EXERCISE BRIEF
Going down the data below, set down exactly the line with "coordinates 0 .. N-1 are meaningful. *)" and each line after it through the line with "Definition vscale (a"; no other lines.
====
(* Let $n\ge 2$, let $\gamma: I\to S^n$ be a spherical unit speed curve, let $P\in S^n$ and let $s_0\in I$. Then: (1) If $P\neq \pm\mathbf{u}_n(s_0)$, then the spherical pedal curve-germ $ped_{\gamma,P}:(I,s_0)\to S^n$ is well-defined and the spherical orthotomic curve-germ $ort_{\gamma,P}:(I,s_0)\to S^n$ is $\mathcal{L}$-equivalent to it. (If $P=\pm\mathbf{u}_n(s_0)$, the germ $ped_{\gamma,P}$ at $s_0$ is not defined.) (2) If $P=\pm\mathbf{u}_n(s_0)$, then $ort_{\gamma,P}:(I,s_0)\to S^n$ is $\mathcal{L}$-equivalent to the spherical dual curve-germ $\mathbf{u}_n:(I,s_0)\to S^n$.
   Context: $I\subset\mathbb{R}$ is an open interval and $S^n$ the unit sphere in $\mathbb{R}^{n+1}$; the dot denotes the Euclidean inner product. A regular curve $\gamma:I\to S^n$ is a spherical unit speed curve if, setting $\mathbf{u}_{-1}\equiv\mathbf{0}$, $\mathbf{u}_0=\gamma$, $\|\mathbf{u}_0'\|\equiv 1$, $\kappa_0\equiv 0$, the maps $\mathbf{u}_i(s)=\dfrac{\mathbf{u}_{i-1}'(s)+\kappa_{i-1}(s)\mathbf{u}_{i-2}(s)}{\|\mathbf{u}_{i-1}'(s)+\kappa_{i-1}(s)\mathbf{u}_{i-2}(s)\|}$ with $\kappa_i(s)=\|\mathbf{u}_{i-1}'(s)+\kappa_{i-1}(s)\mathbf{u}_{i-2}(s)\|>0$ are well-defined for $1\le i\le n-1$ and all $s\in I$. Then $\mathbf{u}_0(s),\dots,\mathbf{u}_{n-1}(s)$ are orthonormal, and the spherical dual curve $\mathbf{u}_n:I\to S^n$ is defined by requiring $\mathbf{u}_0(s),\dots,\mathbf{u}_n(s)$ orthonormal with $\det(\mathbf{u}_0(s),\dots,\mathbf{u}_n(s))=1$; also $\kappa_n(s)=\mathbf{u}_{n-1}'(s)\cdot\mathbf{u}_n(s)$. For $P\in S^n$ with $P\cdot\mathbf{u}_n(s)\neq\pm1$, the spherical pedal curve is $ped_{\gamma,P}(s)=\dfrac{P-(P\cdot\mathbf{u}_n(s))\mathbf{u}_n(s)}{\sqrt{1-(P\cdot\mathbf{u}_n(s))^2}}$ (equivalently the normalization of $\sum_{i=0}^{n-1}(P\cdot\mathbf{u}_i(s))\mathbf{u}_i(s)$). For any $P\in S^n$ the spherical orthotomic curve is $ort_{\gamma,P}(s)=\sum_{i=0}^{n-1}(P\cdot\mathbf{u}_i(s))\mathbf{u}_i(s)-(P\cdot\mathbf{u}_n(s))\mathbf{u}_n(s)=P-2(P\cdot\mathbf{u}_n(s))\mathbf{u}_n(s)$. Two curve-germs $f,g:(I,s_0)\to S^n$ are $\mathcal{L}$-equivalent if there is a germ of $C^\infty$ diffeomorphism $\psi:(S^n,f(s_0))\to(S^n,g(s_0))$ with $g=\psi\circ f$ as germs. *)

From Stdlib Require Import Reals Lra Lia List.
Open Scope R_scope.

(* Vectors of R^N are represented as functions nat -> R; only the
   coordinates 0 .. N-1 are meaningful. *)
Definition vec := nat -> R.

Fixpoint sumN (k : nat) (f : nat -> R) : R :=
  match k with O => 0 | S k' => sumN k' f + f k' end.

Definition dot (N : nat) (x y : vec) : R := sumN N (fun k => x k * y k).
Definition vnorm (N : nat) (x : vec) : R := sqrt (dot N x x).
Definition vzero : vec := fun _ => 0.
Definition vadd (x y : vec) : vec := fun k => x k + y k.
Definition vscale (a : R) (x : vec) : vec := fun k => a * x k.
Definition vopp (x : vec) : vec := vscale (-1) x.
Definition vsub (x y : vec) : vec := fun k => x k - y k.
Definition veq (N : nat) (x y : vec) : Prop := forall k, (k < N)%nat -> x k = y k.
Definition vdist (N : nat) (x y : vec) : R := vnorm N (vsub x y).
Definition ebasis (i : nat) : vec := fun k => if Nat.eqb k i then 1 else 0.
====
ANSWER TO THIS PROBLEM
   coordinates 0 .. N-1 are meaningful. *)
Definition vec := nat -> R.

Fixpoint sumN (k : nat) (f : nat -> R) : R :=
  match k with O => 0 | S k' => sumN k' f + f k' end.

Definition dot (N : nat) (x y : vec) : R := sumN N (fun k => x k * y k).
Definition vnorm (N : nat) (x : vec) : R := sqrt (dot N x x).
Definition vzero : vec := fun _ => 0.
Definition vadd (x y : vec) : vec := fun k => x k + y k.
Definition vscale (a : R) (x : vec) : vec := fun k => a * x k.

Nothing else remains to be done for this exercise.